(* Let $A\in\{\mathbb Z,\mathbb R\}$ and let $X\subset\mathbb R^d$ be a bounded subset whose convex hull is full-dimensional. Then every $A$-$X$-free convex body in $\mathbb R^d$ is contained in a full-dimensional $A$-$X$-free convex body.
   Context: A convex body in $\mathbb R^d$ is a nonempty compact convex subset of $\mathbb R^d$. An $A$-unimodular transformation is a map $T(x)=Mx+b$ with $M\in \mathrm{GL}_d(\mathbb Z)$ and $b\in A^d$; an $A$-unimodular copy of $X$ is $T(X)$ for such a $T$. A convex set is $A$-$X$-free if its relative interior contains no $A$-unimodular copy of $X$ (the relative interior of a single point is that point). *)

From HB Require Import structures.
From mathcomp Require Import all_boot all_order all_algebra.
From mathcomp Require Import all_classical all_reals topology normedtype matrix_topology.
Set Implicit Arguments. Unset Strict Implicit. Unset Printing Implicit Defensive.
Import Order.TTheory GRing.Theory Num.Theory numFieldNormedType.Exports.
Local Open Scope ring_scope.
Local Open Scope classical_set_scope.

Inductive transl_group := AZ | AR.

Definition inA (R : realType) (A : transl_group) (r : R) : Prop :=
  match A with AZ => exists z : int, r = z%:~R | AR => True end.

Definition convex_set (R : realType) (d : nat) (C : set 'cV[R]_d) : Prop :=
  forall x y t, C x -> C y -> 0 <= t -> t <= 1 -> C (t *: x + (1 - t) *: y).

Definition convex_body (R : realType) (d : nat) (K : set 'cV[R]_d) : Prop :=
  K !=set0 /\ compact K /\ convex_set K.

Definition conv_hull (R : realType) (d : nat) (S : set 'cV[R]_d) : set 'cV[R]_d :=
  [set y | exists n (p : 'I_n -> 'cV[R]_d) (w : 'I_n -> R),
     (forall i, S (p i)) /\ (forall i, 0 <= w i) /\ \sum_(i < n) w i = 1 /\
     y = \sum_(i < n) w i *: p i].

Definition aff_hull (R : realType) (d : nat) (S : set 'cV[R]_d) : set 'cV[R]_d :=
  [set y | exists n (p : 'I_n -> 'cV[R]_d) (w : 'I_n -> R),
     (forall i, S (p i)) /\ \sum_(i < n) w i = 1 /\
     y = \sum_(i < n) w i *: p i].

Definition full_dim (R : realType) (d : nat) (S : set 'cV[R]_d) : Prop :=
  aff_hull S = setT.

Definition relint (R : realType) (d : nat) (C : set 'cV[R]_d) : set 'cV[R]_d :=
  [set x | C x /\ exists2 e : R, 0 < e &
     forall y, aff_hull C y -> (forall i : 'I_d, `|y i 0 - x i 0| < e) -> C y].

(* GL_d(Z): integer matrices invertible over Z (determinant +-1) *)
Definition GLZ (d : nat) (M : 'M[int]_d) : Prop := M \in unitmx.

Definition unimod_map (R : realType) (d : nat) (M : 'M[int]_d) (b : 'cV[R]_d)
  (x : 'cV[R]_d) : 'cV[R]_d := map_mx intr M *m x + b.

Definition X_free (R : realType) (d : nat) (A : transl_group)
  (X : set 'cV[R]_d) (C : set 'cV[R]_d) : Prop :=
  ~ exists (M : 'M[int]_d) (b : 'cV[R]_d),
      GLZ M /\ (forall i, inA A (b i 0)) /\ unimod_map M b @` X `<=` relint C.

(* If K is full-dimensional, it is its own enlargement.  Otherwise K lies in an
   affine hyperplane [vdot y u = c] and we thicken it to the slab
   [|y| <= r, |vdot y u - c| <= e], a full-dimensional convex body containing K.
   A thin enough slab contains no unimodular copy of X at all: choose x0 and
   x_1, ..., x_d in X whose differences x_i - x0 form an invertible matrix P.
   If T x = M x + b maps X into the slab, the rows of Q = P M^T are the
   differences T x_i - T x0, so the entries of Q are at most 2r and those of
   Q u at most 2e, while |det Q| = |det P| because M is in GL_d(Z).  Cramer's
   rule then bounds |det P| |u_i| by a multiple of e. *)

From mathcomp Require Import all_boot all_order all_algebra.
From mathcomp Require Import all_classical all_reals topology normedtype matrix_topology.
From mathcomp Require Import zify lra.
Import Order.TTheory GRing.Theory Num.Theory numFieldNormedType.Exports.
Set Implicit Arguments. Unset Strict Implicit. Unset Printing Implicit Defensive.
Local Open Scope ring_scope.
Local Open Scope classical_set_scope.

Section MatrixNorm.
Variable R : realDomainType.

Lemma mx_norm_entry_le m n (M : 'M[R]_(m, n)) i j : `|M i j| <= `|M|.
Proof.
rewrite [leRHS]/Num.norm /= mx_normrE.
by apply/bigmax_geP; right; exists (i, j).
Qed.

Lemma mx_norm_le_entries m n (M : 'M[R]_(m, n)) (B : R) :
  0 <= B -> (forall i j, `|M i j| <= B) -> `|M| <= B.
Proof.
by move=> B0 MB; rewrite [leLHS]/Num.norm /= mx_normrE; apply: bigmax_le.
Qed.

Lemma mx_norm_trmx m n (M : 'M[R]_(m, n)) : `|M^T| = `|M|.
Proof.
apply/eqP; rewrite eq_le; apply/andP; split; apply: mx_norm_le_entries => // i j.
  by rewrite mxE mx_norm_entry_le.
by have := mx_norm_entry_le M^T j i; rewrite mxE.
Qed.

End MatrixNorm.

Lemma det_norm_le (R : numDomainType) n (A : 'M[R]_n) (B : R) :
  0 <= B -> (forall i j, `|A i j| <= B) -> `|\det A| <= n`!%:R * B ^+ n.
Proof.
move=> B0 AB; rewrite /determinant; apply: le_trans (ler_norm_sum _ _ _) _.
rewrite -(perm.card_Sn n) mulr_natl -sumr_const; apply: ler_sum => s _.
rewrite normrM normr_sign mul1r normr_prod -[n in B ^+ n]card_ord -prodr_const.
by apply: ler_prod => i _; rewrite normr_ge0 AB.
Qed.

(* Cramer's rule: [\det Q *: u = \adj Q *m (Q *m u)]. *)
Lemma det_scale_norm_le (R : numFieldType) n (Q : 'M[R]_n) (u : 'cV[R]_n)
    (B e : R) i :
  0 <= B -> (forall i j, `|Q i j| <= B) -> (forall j, `|(Q *m u) j 0| <= e) ->
  `|\det Q * u i 0| <= n%:R * ((n.-1)`!%:R * B ^+ n.-1) * e.
Proof.
move=> B0 QB Que.
have -> : \det Q * u i 0 = \sum_j \adj Q i j * (Q *m u) j 0.
  have /matrixP/(_ i 0) : \adj Q *m (Q *m u) = \det Q *: u.
    by rewrite mulmxA mul_adj_mx mul_scalar_mx.
  by rewrite !mxE => <-.
apply: le_trans (ler_norm_sum _ _ _) _.
rewrite -mulrA mulr_natl -[in X in _ *+ X](card_ord n) -sumr_const.
apply: ler_sum => j _; rewrite normrM; apply: ler_pM => //.
rewrite mxE /cofactor normrM normr_sign mul1r; apply: det_norm_le => // a b.
by rewrite !mxE.
Qed.

Lemma GLZ_det_intr (R : numDomainType) d (M : 'M[int]_d) :
  GLZ M -> `|\det (map_mx (intr : int -> R) M)| = 1.
Proof.
rewrite /GLZ unitmxE (det_map_mx (intr : {rmorphism int -> R})) qualifE.
by case/orP=> /eqP->; rewrite ?rmorphN rmorph1 ?normrN normr1.
Qed.

Lemma row_free_col_mx_rV (F : fieldType) k n (P : 'M[F]_(k, n)) (s : 'rV[F]_n) :
  row_free P -> ~~ (s <= P)%MS -> row_free (col_mx P s).
Proof.
move=> /eqP freeP sNP; rewrite /row_free -addsmxE eqn_leq.
rewrite (leq_trans (mxrank_adds_leqif P s)) ?rank_rV ?freeP ?leq_add2l ?leq_b1 //=.
rewrite addn1 -[X in (X < _)%N]freeP; apply: rank_ltmx.
by rewrite ltmxE addsmxSl addsmx_sub submx_refl.
Qed.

• • • • •

TASK REQUIREMENTS | From the records above, print exactly the lines that run from the line with "(* GL_d(Z): integer" to the line with "Q u at most", inclusive.

FINISHED TASK |
(* GL_d(Z): integer matrices invertible over Z (determinant +-1) *)
Definition GLZ (d : nat) (M : 'M[int]_d) : Prop := M \in unitmx.

Definition unimod_map (R : realType) (d : nat) (M : 'M[int]_d) (b : 'cV[R]_d)
  (x : 'cV[R]_d) : 'cV[R]_d := map_mx intr M *m x + b.

Definition X_free (R : realType) (d : nat) (A : transl_group)
  (X : set 'cV[R]_d) (C : set 'cV[R]_d) : Prop :=
  ~ exists (M : 'M[int]_d) (b : 'cV[R]_d),
      GLZ M /\ (forall i, inA A (b i 0)) /\ unimod_map M b @` X `<=` relint C.

(* If K is full-dimensional, it is its own enlargement.  Otherwise K lies in an
   affine hyperplane [vdot y u = c] and we thicken it to the slab
   [|y| <= r, |vdot y u - c| <= e], a full-dimensional convex body containing K.
   A thin enough slab contains no unimodular copy of X at all: choose x0 and
   x_1, ..., x_d in X whose differences x_i - x0 form an invertible matrix P.
   If T x = M x + b maps X into the slab, the rows of Q = P M^T are the
   differences T x_i - T x0, so the entries of Q are at most 2r and those of
   Q u at most 2e, while |det Q| = |det P| because M is in GL_d(Z).  Cramer's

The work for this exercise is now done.